The switch /QxB was added to optimize for Pentium M Banias and Dothan CPUs, as they have a limited issue rate for SSE instructions, but still get a benefit from SSE vectorization. The option will run on other Intel CPUs, but usually not with as good performance as /QxW. I'm wondering if my impression is correct, that /QxB is not getting much attention, and is no longer consistently better for Pentium M performance. Apparently, future mobile core processors will have no need for it.

forall · ‎02-20-2005

ok, i did have both /QxP and /QxW simultaneously which probably caused some problems. however I still cannot get any of these switches to work.

I should point out that I have the following setup: a static library that is compiled separately with switch /QxW and then I link to it a Fortran Windows application, also with /QxW (other options same as far as I can see, have checked them). Definitely typed /QxW in the Fortran command prompt. The compilation is carried out on a Pentium-Dothan 735, with the exes to be moved to a Xeon and Opteron (I was trying /QxN for the Xeons and /QxW for the Opteron as suggested earlier by Steve).

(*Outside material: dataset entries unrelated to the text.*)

Lemma zpow_le_fixed k c n z : homeo_plus k -> k c = c -> z <= c -> zpow k n z <= c.
Proof.
  intros Hk Hc. pose proof (proj1 (proj2 Hk)) as Hinc.
  revert n z. apply (zpow_preserves (fun z => z <= c)); intros w Hw.
  - rewrite <- Hc. apply strict_increasing_le; auto.
  - apply Rnot_lt_le. intros Hlt. apply Hinc in Hlt.
    rewrite Hc, homeo_finv in Hlt; auto. lra.
Qed.

Lemma zpow_ge_fixed k c n z : homeo_plus k -> k c = c -> c <= z -> c <= zpow k n z.
Proof.
  intros Hk Hc. pose proof (proj1 (proj2 Hk)) as Hinc.
  revert n z. apply (zpow_preserves (fun z => c <= z)); intros w Hw.
  - rewrite <- Hc. apply strict_increasing_le; auto.
  - apply Rnot_lt_le. intros Hlt. apply Hinc in Hlt.
    rewrite Hc, homeo_finv in Hlt; auto. lra.
Qed.

Lemma zpow_of_nat k n z : zpow k (Z.of_nat n) z = Nat.iter n k z.
Proof. destruct n; simpl; auto. rewrite SuccNat2Pos.id_succ. reflexivity. Qed.

Lemma Un_cv_const c : Un_cv (fun _ => c) c.
Proof.
  intros e He. exists 0%nat. intros n _. unfold R_dist.
  replace (c - c) with 0 by ring. rewrite Rabs_R0. exact He.
Qed.

Lemma orbit_limit_fixed k y l : continuity k -> Un_cv (fun n => Nat.iter n k y) l -> k l = l.
Proof.
  intros Hc Hl. apply (UL_sequence (fun n => Nat.iter (S n) k y)).
  - exact (continuity_seq k _ l (Hc l) Hl).
  - intros e He. destruct (Hl e He) as [N HN]. exists N. intros n Hn. apply HN. lia.
Qed.
(* [T K (1 + 2 m) = sqrt T (1 + 2 m) / m^((1+a)/2)] while
   [L^(a-1) = (10 sqrt m)^(1-a) sqrt T], and [(10 sqrt m)^(1-a) m^((1+a)/2) = 10^(1-a) m > 3 m]. *)
Lemma eventually_budget (a : R) (m n : nat) : 0 < a < 1 / 2 -> (1 <= m)%nat -> (1 <= n)%nat ->
  eventually (fun T => Rpower (INR m) (1 - a)
                       + INR T * (eta_par a m n T * gamma_par n T) * (1 + 2 * INR m)
                       <= Rpower (weight_floor a m T) (a - 1)).
Proof.
  intros Ha Hm Hn.
  assert (Hm1 : 1 <= INR m) by (apply (le_INR 1); lia).
  set (X := 10 * sqrt (INR m)). set (M := Rpower (INR m) ((1 + a) / 2)).
  assert (HM : 0 < M) by apply exp_pos.
  assert (HXM : Rpower X (1 - a) * M = Rpower 10 (1 - a) * INR m).
  { assert (0 < sqrt (INR m)) by (apply sqrt_lt_R0; lra).
    unfold X, M. rewrite <- Rpower_mult_distr, <- Rpower_sqrt, Rpower_mult by lra.
    rewrite Rmult_assoc, <- Rpower_plus.
    replace (/ 2 * (1 - a) + (1 + a) / 2) with 1 by field. rewrite Rpower_1; lra. }
  assert (H10 : 3 < Rpower 10 (1 - a)).
  { apply Rlt_le_trans with (Rpower 10 (/ 2)); [|apply Rle_Rpower; lra].
    rewrite Rpower_sqrt by lra.
    pose proof (sqrt_sqrt 10 ltac:(lra)). pose proof (sqrt_pos 10). nra. }
  set (D := Rpower X (1 - a) - (1 + 2 * INR m) / M).
  assert (HD : 0 < D).
  { unfold D. apply Rmult_lt_reg_r with M; auto.
    rewrite Rmult_minus_distr_r, HXM. unfold Rdiv. rewrite Rmult_assoc, Rinv_l by lra. nra. }
  apply (filter_imp (fun T => 1 < INR T /\ Rpower (INR m) (1 - a) / D <= Rpower (INR T) (/ 2)));
    [|apply filter_and; [apply eventually_gt_INR | apply eventually_le_Rpower; lra]].
  intros T [HT HB].
  rewrite Rpower_sqrt in HB by lra.
  assert (Hs : 0 < sqrt (INR T)) by (apply sqrt_lt_R0; lra).
  assert (HTs : INR T = sqrt (INR T) * sqrt (INR T)) by (rewrite sqrt_sqrt; lra).
  rewrite eta_gamma_eq, Rpower_weight_floor by (auto; lra). fold X M.
  replace (- (a - 1)) with (1 - a) by ring.
  replace ((a - 1) / (2 * (a - 1))) with (/ 2) by (field; lra).
  rewrite Rpower_sqrt by lra.
  replace (INR T * / (sqrt (INR T) * M) * (1 + 2 * INR m))
    with (sqrt (INR T) * ((1 + 2 * INR m) / M))
    by (set (s := sqrt (INR T)) in *; rewrite HTs; field; lra).
  apply Rmult_le_compat_r with (r := D) in HB; [|lra].
  unfold Rdiv in HB. rewrite Rmult_assoc, Rinv_l, Rmult_1_r in HB by lra.
  unfold D in HB. lra.
Qed.

Section Run.

Variables (a : R) (m n T : nat) (p : nat -> nat -> nat -> R) (j : nat -> nat)
  (w : nat -> nat -> R) (e : nat -> R).

Let eta := eta_par a m n T.
Let K := eta * gamma_par n T.
Let L := weight_floor a m T.

Hypotheses (Ha : 0 < a < 1 / 2) (Hm : (1 <= m)%nat)
  (Hrun : is_run a m n T p j w e) (Hsg : small_gradient m n T p j w)
  (Heta : 0 < eta) (Hgam : 1 <= gamma_par n T)
  (Hfloor_small : 2 * K * Rpower L (- a) <= (1 - 2 * a) / 6)
  (Hbudget : Rpower (INR m) (1 - a) + INR T * K * (1 + 2 * INR m) <= Rpower L (a - 1)).

Lemma floor_pos : 0 < L.
Proof.
  apply Rmult_lt_0_compat; [|apply exp_pos].
  apply Rdiv_lt_0_compat; [lra|].
  pose proof (sqrt_lt_R0 (INR m) ltac:(apply lt_0_INR; lia)). lra.
Qed.

Lemma above_floor_bounds (y : R) : L <= y ->
  2 * K * Rpower y (- a) <= (1 - 2 * a) / 6 /\ eta <= 4 * K <= Rpower y a.
Proof.
  intros Hy. pose proof floor_pos.
  assert (HK : 0 < K) by (unfold K; nra).
  assert (Hsmall : 2 * K * Rpower y (- a) <= (1 - 2 * a) / 6).
  { apply Rle_trans with (2 := Hfloor_small), Rmult_le_compat_l; [lra|].
    apply Rpower_antitone_le; lra. }
  assert (Hyy : Rpower y a * Rpower y (- a) = 1)
    by (rewrite <- Rpower_plus, Rplus_opp_r; apply Rpower_O; lra).
  pose proof (exp_pos (a * ln y)). pose proof (exp_pos (- a * ln y)).
  unfold Rpower in *. unfold K in *. repeat split; nra.
Qed.

Lemma eta_cand_above_floor (t : nat) : (forall i, (i < m)%nat -> L <= w t i) ->
  eta_cand a m n T (w t) = eta.
Proof.
  intros Ht. unfold eta_cand. fold eta.
  destruct (Rle_dec eta (minR m (fun i => Rpower (w t i) a))) as [|Hnot]; auto.
  exfalso. apply Hnot, minR_ge; auto. intros i Hi.
  destruct (above_floor_bounds _ (Ht i Hi)) as [_ [? ?]]. lra.
Qed.

Let potential (k : nat) : R := Rpower (INR m) (1 - a) + INR k * K * (1 + 2 * INR m).

Lemma above_floor_of_potential (k : nat) (y : R) : (k <= T)%nat -> 0 < y ->
  Rpower y (a - 1) <= potential k -> L <= y.
Proof.
  intros Hk Hy Hp. apply (Rpower_antitone_le_inv _ _ (a - 1)); [lra | auto|].
  apply Rle_trans with (1 := Hp), Rle_trans with (2 := Hbudget). unfold potential.
  apply le_INR in Hk. assert (0 <= K * (1 + 2 * INR m)).
  { pose proof (pos_INR m). unfold K. apply Rmult_le_pos; nra. }
  nra.
Qed.

Lemma run_step (t : nat) : (1 <= t <= T)%nat ->
  (forall i, (i < m)%nat -> 0 < w t i) -> sumR m (w t) = 1 ->
  (forall i, (i < m)%nat -> L <= w t i) -> e t = eta ->
  forall i, (i < m)%nat ->
    - 32 * Rpower (w t i) (1 - a) * K <= w t i - w (S t) i /\
    w t i - w (S t) i <= 2 * Rpower (w t i) (2 - a) * (INR m + 1) * K /\
    Rpower (w (S t) i) (a - 1) <= Rpower (w t i) (a - 1) + K * (1 + 2 * INR m).
Proof.
  intros Ht Hpos Hsum Hfloor Het i Hi.
  destruct Hrun as (_ & _ & _ & Hupd).
  destruct (Hupd t Ht) as (Hpos' & Hsum' & c & Hc).
  set (d := fun k => eta * dL m n (p t) (j t) (w t) k).
  assert (HK : 0 <= K) by (unfold K; nra).
  assert (Hupd' : forall k, (k < m)%nat ->
    Rpower (w (S t) k) (a - 1) = Rpower (w t k) (a - 1) + d k - c)
    by (intros k Hk; specialize (Hc k Hk); unfold d; rewrite <- Het; lra).
  assert (Hd : forall k, (k < m)%nat -> - (K / w t k) <= d k <= K).
  { intros k Hk. destruct (Hsg t k Ht Hk) as (_ & Hlo & Hhi). pose proof (Hpos k Hk).
    unfold d, K. unfold Rdiv in *. split; [|apply Rmult_le_compat_l; lra].
    replace (- (eta * gamma_par n T * / w t k)) with (eta * - (gamma_par n T * / w t k))
      by ring.
    apply Rmult_le_compat_l; lra. }
  assert (Hsmall : forall k, (k < m)%nat -> 2 * K * Rpower (w t k) (- a) <= (1 - 2 * a) / 6)
    by (intros k Hk; apply above_floor_bounds, Hfloor, Hk).
  split; [|split].
  - exact (step_lower a K c m (w t) (w (S t)) d Ha Hm HK Hpos Hpos' Hsum Hsum'
             Hupd' Hd Hsmall i Hi).
  - exact (step_upper a K c m (w t) (w (S t)) d Ha Hm HK Hpos Hpos' Hsum Hsum'
             Hupd' Hd Hsmall i Hi).
  - pose proof (Rpower_step_upper a K c m (w t) (w (S t)) d Ha Hm HK Hpos Hpos' Hsum Hsum'
                  Hupd' Hd Hsmall i Hi).
    assert (0 <= K * (a * INR m)) by (pose proof (pos_INR m); apply Rmult_le_pos; nra).
    nra.
Qed.
(* Let $\{(X_n,M_n,\cdot)\}_{n\in\mathbb N}$ be a sequence of nonempty compact non-Archimedean fuzzy metric spaces with the product $t$-norm $\cdot$, satisfying: (1) there exists a nondecreasing left-continuous function $C:(0,\infty)\to(0,1]$ with $0<C(s)\le\mathrm{diam}_s(X_n)$ for all $s>0$ and all $n$; (2) for every $t>0$ and $0<\varepsilon<1$ there is $N(\varepsilon,t)\in\mathbb N$ with $\mathrm{Cov}(X_n,\varepsilon,t)\le N(\varepsilon,t)$ for all $n$; (3) for every $t>0$ and $0<\varepsilon<1$, with $N=N(\varepsilon,t)$, there exist, for each $n$, a $(t,\varepsilon)$-net $\{x_i^n\}_{i=1}^N$ in $X_n$ such that for all $n,m$, all $s>t$ and all $i,j\in\{1,\dots,N\}$: if $M_n(x_i^n,x_j^n,s)<M_m(x_i^m,x_j^m,s)$ then $\dfrac{M_n(x_i^n,x_j^n,s)}{M_m(x_i^m,x_j^m,s)}\ge\dfrac{M_n(x_i^n,x_j^n,t)}{M_m(x_i^m,x_j^m,t)}$. Then for every $t>0$ and $0<\varepsilon<1$ there is a subsequence $\{X_{n_k}\}_k$ with $M_{GH}(X_{n_j},X_{n_k},t)>(1-\varepsilon)^2$ for all $j,k$; and consequently $\{(X_n,M_n,\cdot)\}_n$ has a Cauchy subsequence with respect to $M_{GH}$.
   Context: A fuzzy metric space $(X,M,\cdot)$ with the product $t$-norm: $M:X\times X\times[0,\infty)\to[0,1]$ with, for all $x,y,z$ and $t,s>0$: (KM1) $M(x,y,0)=0$; (KM2) $M(x,y,t)=1$ for all $t>0$ iff $x=y$; (KM3) $M(x,y,t)=M(y,x,t)$; (KM4) $M(x,y,t)\cdot M(y,z,s)\le M(x,z,t+s)$; (KM5) $M(x,y,\cdot)$ left continuous on $[0,\infty)$. Non-Archimedean: $M(x,z,\max\{t,s\})\ge M(x,y,t)\cdot M(y,z,s)$. Balls $B(x,\varepsilon,t)=\{y: M(x,y,t)>1-\varepsilon\}$ generate the topology; ''compact'' refers to it. $H_M(A,B,t)=\min\{\inf_{a\in A}\sup_{b\in B}M(a,b,t),\ \inf_{b\in B}\sup_{a\in A}M(a,b,t)\}$ for nonempty compact $A,B$. A fuzzy metric on the disjoint union $X\sqcup Y$ is admissible if it restricts to the given ones on $X$ and $Y$; $M_{GH}(X,Y,t)=\sup\{H_M(X,Y,t): M$ admissible non-Archimedean fuzzy metric on $X\sqcup Y$ with the same $t$-norm$\}$. A sequence $(X_n)$ is Cauchy w.r.t. $M_{GH}$ if for every $t>0$, $0<\varepsilon<1$ there is $n_0$ with $M_{GH}(X_n,X_m,t)>1-\varepsilon$ for all $n,m\ge n_0$. A family $\{x_i\}_{i=1}^N$ is a $(t,\varepsilon)$-net in $X$ if each $x\in X$ has some $i$ with $M(x,x_i,t)>1-\varepsilon$. $\mathrm{Cov}(X,\varepsilon,t)$ is the minimal cardinality of $C\subseteq X$ with $X=\bigcup_{c\in C}B(c,\varepsilon,t)$. $\mathrm{diam}_s(X)=\inf\{M(x,y,s):x,y\in X\}$. *)

From Stdlib Require Import Reals Lra List.
From Coquelicot Require Import Coquelicot.
Open Scope R_scope.
(* Let $\mathbb{X}$ be a finite set, $\mathcal{H}_A$ a finite-dimensional Hilbert space, and $\{\rho_A^x\}_{x\in\mathbb{X}}$ density operators on $\mathcal{H}_A$. Then the barycentric quantum Rényi leakage satisfies $\mathcal{B}(X\rightarrow A)_{\rho_A}=\log(\mu^\star)$, where $\mu^\star$ is the optimal value of the optimization problem \[ \min_{\pi\in\Delta(\mathbb{X}),\,\mu\in\mathbb{R}}\ \mu\quad\text{subject to}\quad \rho_A^x\leq\mu\sum_{x'\in\mathbb{X}}\pi(x')\rho_A^{x'}\ \ \text{for all }x\in\mathbb{X} \] (operator inequalities).
   Context: All logarithms are base 2. $\Delta(\mathbb{X})$ is the set of probability mass functions on $\mathbb{X}$. For a density operator $\rho$ and positive semi-definite $\sigma$, $\widetilde{D}_\infty(\rho\|\sigma)=\log\big(\inf\{\mu\in\mathbb{R}:\rho\leq\mu\sigma\}\big)$ ($+\infty$ if the support of $\rho$ is not contained in that of $\sigma$). The barycentric quantum Rényi leakage is $\mathcal{B}(X\rightarrow A)_{\rho_A}=\min_{\pi\in\Delta(\mathbb{X})}\max_{x\in\mathbb{X}}\widetilde{D}_\infty\big(\rho_A^x\,\|\,\sum_{x'}\pi(x')\rho_A^{x'}\big)$. *)

From HB Require Import structures.
From mathcomp Require Import all_boot all_order all_algebra.
From mathcomp Require Import all_classical all_reals all_analysis.
From mathcomp Require Import complex.

Set Implicit Arguments.
Unset Strict Implicit.
Unset Printing Implicit Defensive.

Import Order.TTheory GRing.Theory Num.Theory.
Local Open Scope ring_scope.
Local Open Scope classical_set_scope.

Section Quantum.
Variable R : realType.
Local Notation C := (R[i]).

Definition log2 (x : R) : R := ln x / ln 2.

Definition adj {m n} (A : 'M[C]_(m, n)) : 'M[C]_(n, m) := (map_mx conjc A)^T.

(* positive semi-definite: Hermitian and <v, A v> >= 0 for all v
   (the order on C = R[i] is: x <= y iff y - x is real and nonnegative) *)
Definition psdmx {d} (A : 'M[C]_d) : Prop :=
  adj A = A /\ forall v : 'cV[C]_d, 0 <= (adj v *m A *m v) 0 0.

Definition loewner {d} (A B : 'M[C]_d) : Prop := psdmx (B - A).

Definition density {d} (rho : 'M[C]_d) : Prop := psdmx rho /\ \tr rho = 1.

(* support (range = column space) of rho contained in that of sigma *)
Definition supp_sub {d} (rho sigma : 'M[C]_d) : bool := (rho^T <= sigma^T)%MS.

Definition Dmax {d} (rho sigma : 'M[C]_d) : \bar R :=
  if supp_sub rho sigma
  then (log2 (inf [set mu : R | loewner rho ((mu%:C)%C *: sigma)]))%:E
  else +oo%E.

Definition pmfs (X : finType) : set (X -> R) :=
  [set pi | (forall x, 0 <= pi x) /\ \sum_(x : X) pi x = 1].

Definition mixture {X : finType} {d} (pi : X -> R) (rho : X -> 'M[C]_d) : 'M[C]_d :=
  \sum_(x : X) ((pi x)%:C)%C *: rho x.

Definition barycentric_leakage {X : finType} {d} (rho : X -> 'M[C]_d) : \bar R :=
  ereal_inf [set (\big[maxe/-oo%E]_(x : X) Dmax (rho x) (mixture pi rho))
            | pi in @pmfs X].

Definition sdp_value {X : finType} {d} (rho : X -> 'M[C]_d) : R :=
  inf [set mu : R | exists2 pi, @pmfs X pi &
         forall x, loewner (rho x) ((mu%:C)%C *: mixture pi rho)].

End Quantum.

From HB Require Import structures.
From mathcomp Require Import all_boot all_order all_algebra.
From mathcomp Require Import all_classical all_reals all_analysis.
From mathcomp Require Import complex.
From mathcomp Require Import sesquilinear spectral ring.

Set Implicit Arguments.
Unset Strict Implicit.
Unset Printing Implicit Defensive.

Import Order.TTheory GRing.Theory Num.Theory.
Local Open Scope ring_scope.
Local Open Scope classical_set_scope.

(* For positive semidefinite [rho] and [sigma], the set [{mu | rho <= mu sigma}]
   is nonempty exactly when [supp rho] is contained in [supp sigma]: in an
   eigenbasis of [sigma] both conditions say that [rho] vanishes on the rows and
   columns of the kernel of [sigma]. Hence [D_oo(rho || sigma)] is [log] of the
   infimum of that set, read as [+oo] when the set is empty. When [rho] and
   [sigma] are density operators these sets are up-closed subsets of [[1, +oo)]
   (compare traces). For up-closed sets the largest infimum is the infimum of
   the intersection, and [log] is increasing and continuous, so the min-max
   defining the leakage collapses to [log] of the infimum of the union over
   [pi] of the intersections over [x]: the optimal value of the SDP. *)

Section PositiveSemidefinite.
Variable R : realType.
Local Notation C := (R[i]).
Lemma dual_eltZ a x : f (a *: x) = a * f x.
Proof. by case: f_dual => f_lin _; have := f_lin a x 0; rewrite !addr0 dual_elt0 addr0. Qed.

Lemma dual_eltD x y : f (x + y) = f x + f y.
Proof. by case: f_dual => f_lin _; have := f_lin 1 x y; rewrite scale1r mul1r. Qed.

Lemma dual_eltB x y : f (x - y) = f x - f y.
Proof. by rewrite dual_eltD -scaleN1r dual_eltZ mulN1r. Qed.

(* Continuity at 0 makes f bounded on the unit ball. *)
Lemma dual_elt_bounded : exists M, forall y : X, `|y| <= 1 -> `|f y| <= M.
Proof.
case: f_dual => _ /(_ 0) /cvgr_dist_lt /(_ 1 ltr01).
rewrite dual_elt0 => /nbhs_norm0P [e e0 small].
exists (2 / e) => y y_le1.
have e2_gt0 : 0 < e / 2 by rewrite divr_gt0.
have : `|(e / 2) *: y| < e.
  rewrite normrZ gtr0_norm //; apply: (le_lt_trans (y := e / 2)).
    by rewrite ler_piMr // ltW.
  by rewrite ltr_pdivrMr // ltr_pMr // ltr1n.
move=> /small /=; rewrite sub0r normrN dual_eltZ normrM gtr0_norm //.
by move=> lt1; rewrite ler_pdivlMr //; nra.
Qed.

Lemma dual_elt_le y : `|f y| <= dual_norm f * `|y|.
Proof.
have [M boundM] := dual_elt_bounded.
have in_ball z : `|z| <= 1 -> `|f z| <= dual_norm f.
  move=> z_le1; apply: ub_le_sup; last by exists z.
  by exists M => _ [w w_le1 <-]; apply: boundM.
have [->|y_nz] := eqVneq y 0; first by rewrite dual_elt0 !normr0 mulr0.
have ny_unit : `|y| \is a GRing.unit by rewrite unitfE normr_eq0.
have := in_ball (`|y|^-1 *: y).
rewrite normrZ normrV // normr_id mulVr // lexx => /(_ isT).
rewrite dual_eltZ normrM normrV // normr_id.
by rewrite ler_pdivrMl ?normr_gt0 // mulrC.
Qed.

End ContinuousLinearFunctional.

Section GaugeFunction.
Variables (R : realType) (phi : R -> R).
Hypothesis gauge_phi : gauge_function phi.

Lemma gauge_lt r s : 0 <= r -> r < s -> phi r < phi s.
Proof. by case: gauge_phi => incr _ _ _; apply: incr. Qed.

Lemma gauge_le r s : 0 <= r -> r <= s -> phi r <= phi s.
Proof.
move=> r_ge0; rewrite le_eqVlt => /orP [/eqP ->//|lt_rs].
exact/ltW/gauge_lt.
Qed.

Lemma gauge0 : phi 0 = 0. Proof. by case: gauge_phi. Qed.

Lemma gauge_gt0 r : 0 < r -> 0 < phi r.
Proof. by move=> r_gt0; rewrite -gauge0 gauge_lt. Qed.

(* phi is monotone, so (phi s - phi a) and (s - a) have the same sign. *)
Lemma gauge_monotone_prod s a : 0 <= s -> 0 <= a -> 0 <= (phi s - phi a) * (s - a).
Proof.
move=> s_ge0 a_ge0; have [le_sa|le_as] := leP s a.
  by have := gauge_le s_ge0 le_sa; nra.
by have := gauge_le a_ge0 (ltW le_as); nra.
Qed.

Lemma gauge_gap a eps : 0 < eps <= a ->
  exists2 c, 0 < c & forall s, 0 <= s -> eps <= `|s - a| ->
    c <= (phi s - phi a) * (s - a).
Proof.
move=> /andP [eps_gt0 eps_le].
have up : phi a < phi (a + eps) by apply: gauge_lt; lra.
have down : phi (a - eps) < phi a by apply: gauge_lt; lra.
set m := Num.min (phi (a + eps) - phi a) (phi a - phi (a - eps)).
have m_up : m <= phi (a + eps) - phi a by rewrite ge_min lexx.
have m_down : m <= phi a - phi (a - eps) by rewrite ge_min lexx orbT.
exists (eps * m); first by rewrite mulr_gt0 // lt_min !subr_gt0 up down.
move=> s s_ge0; rewrite ler_normr => /orP [far_up|far_down].
- have : phi (a + eps) <= phi s by apply: gauge_le; lra.
  have : eps * m <= eps * (phi (a + eps) - phi a) by rewrite ler_wpM2l // ltW.
  nra.
- have : phi s <= phi (a - eps) by apply: gauge_le; lra.
  have : eps * m <= eps * (phi a - phi (a - eps)) by rewrite ler_wpM2l // ltW.
  nra.
Qed.

End GaugeFunction.

Section DualityMap.
Variables (R : realType) (X : normedModType R) (phi : R -> R).

Lemma duality_map_le (x : X) f y : duality_map phi x f -> f y <= phi `|x| * `|y|.
Proof.
by case=> f_dual _ <-; apply: le_trans (ler_norm _) (dual_elt_le f_dual _).
Qed.

Lemma duality_pairingE (x x0 : X) f f0 :
  duality_map phi x f -> duality_map phi x0 f0 ->
  f (x - x0) - f0 (x - x0) = phi `|x| * `|x| + phi `|x0| * `|x0| - f x0 - f0 x.
Proof.
case=> f_dual fx _ [f0_dual f0x0 _].
by rewrite (dual_eltB f_dual) (dual_eltB f0_dual) fx f0x0; ring.
Qed.

Lemma duality_monotone_bound (x x0 : X) f f0 :
  duality_map phi x f -> duality_map phi x0 f0 ->
  (phi `|x| - phi `|x0|) * (`|x| - `|x0|) <= f (x - x0) - f0 (x - x0).
Proof.
move=> Jx Jx0; rewrite (duality_pairingE Jx Jx0).
have := duality_map_le x0 Jx; have := duality_map_le x Jx0; nra.
Qed.

Lemma duality_convexity_bound (x x0 : X) f f0 :
  duality_map phi x f -> duality_map phi x0 f0 ->
  phi `|x| * (2 * `|x| - `|x + x0|) + phi `|x0| * (2 * `|x0| - `|x + x0|)
    <= f (x - x0) - f0 (x - x0).
Proof.
move=> Jx Jx0; rewrite (duality_pairingE Jx Jx0).
have := duality_map_le (x + x0) Jx; have := duality_map_le (x + x0) Jx0.
case: Jx => f_dual fx _; case: Jx0 => f0_dual f0x0 _.
rewrite (dual_eltD f_dual) (dual_eltD f0_dual) fx f0x0; nra.
Qed.

Lemma duality_monotone (x x0 : X) f f0 : gauge_function phi ->
  duality_map phi x f -> duality_map phi x0 f0 -> 0 <= f (x - x0) - f0 (x - x0).
Proof.
move=> gauge_phi Jx Jx0; apply: le_trans (duality_monotone_bound Jx Jx0).
exact: gauge_monotone_prod.
Qed.

End DualityMap.

Section Normalization.
Variables (R : realType) (X : normedModType R).

Definition normalize (x : X) : X := `|x|^-1 *: x.

Lemma normalizeK x : `|x| *: normalize x = x.
Proof.
have [->|x_nz] := eqVneq x 0; first by rewrite normr0 scale0r.
by rewrite scalerA mulfV ?normr_eq0 // scale1r.
Qed.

I rebuilt the projects from scratch just in case and now get the following error when building the Fort-Windows app with /QxW: "error LNK2019: unresolved external symbol _vmldExp2 referenced in function _sumgauss". function sumgauss is rather simple and contains the following line "ex(:)=exp(-arg(:)**2)" which I assume is the cause of the problem (Exp2??). There were no problems building the static library.

Now, when using /QxN (or /QxP) instead of /QxW (in both the lib and the fortran-windows app) the compilation of the library seems to abort at some file (which didnt have problems at other settings). No internal error - just 'compilation aborted (code 1)'. The same file in both cases.

Message Edited by forall on 02-19-2005 07:00 PM

TimP · ‎02-20-2005

/QxN is practically the same as /QxW, except for the restriction to Intel CPUs. Using ifort or ICL with any of those vectorizing options to drive the link should cause it to link against one of the svml_disp libraries. That will take care of the short vector exponential. If you used another way of linking, such as a default CL link, it wouldn't automatically include the Intel svml library.

forall · ‎02-20-2005

I assume by 'vectorising options' you mean a switch like /Qparallel. However after doing this I still get unresolved vmldExp2.

TimP · ‎02-20-2005

No, the options /QxW, /QxN, /QxP, /QxB and the like invoke SSE2 vectorization, and include the corresponding short vector math library in the command passed by ifort to the linker.
The additional library invoked by /Qparallel or /Qopenmp is libguide.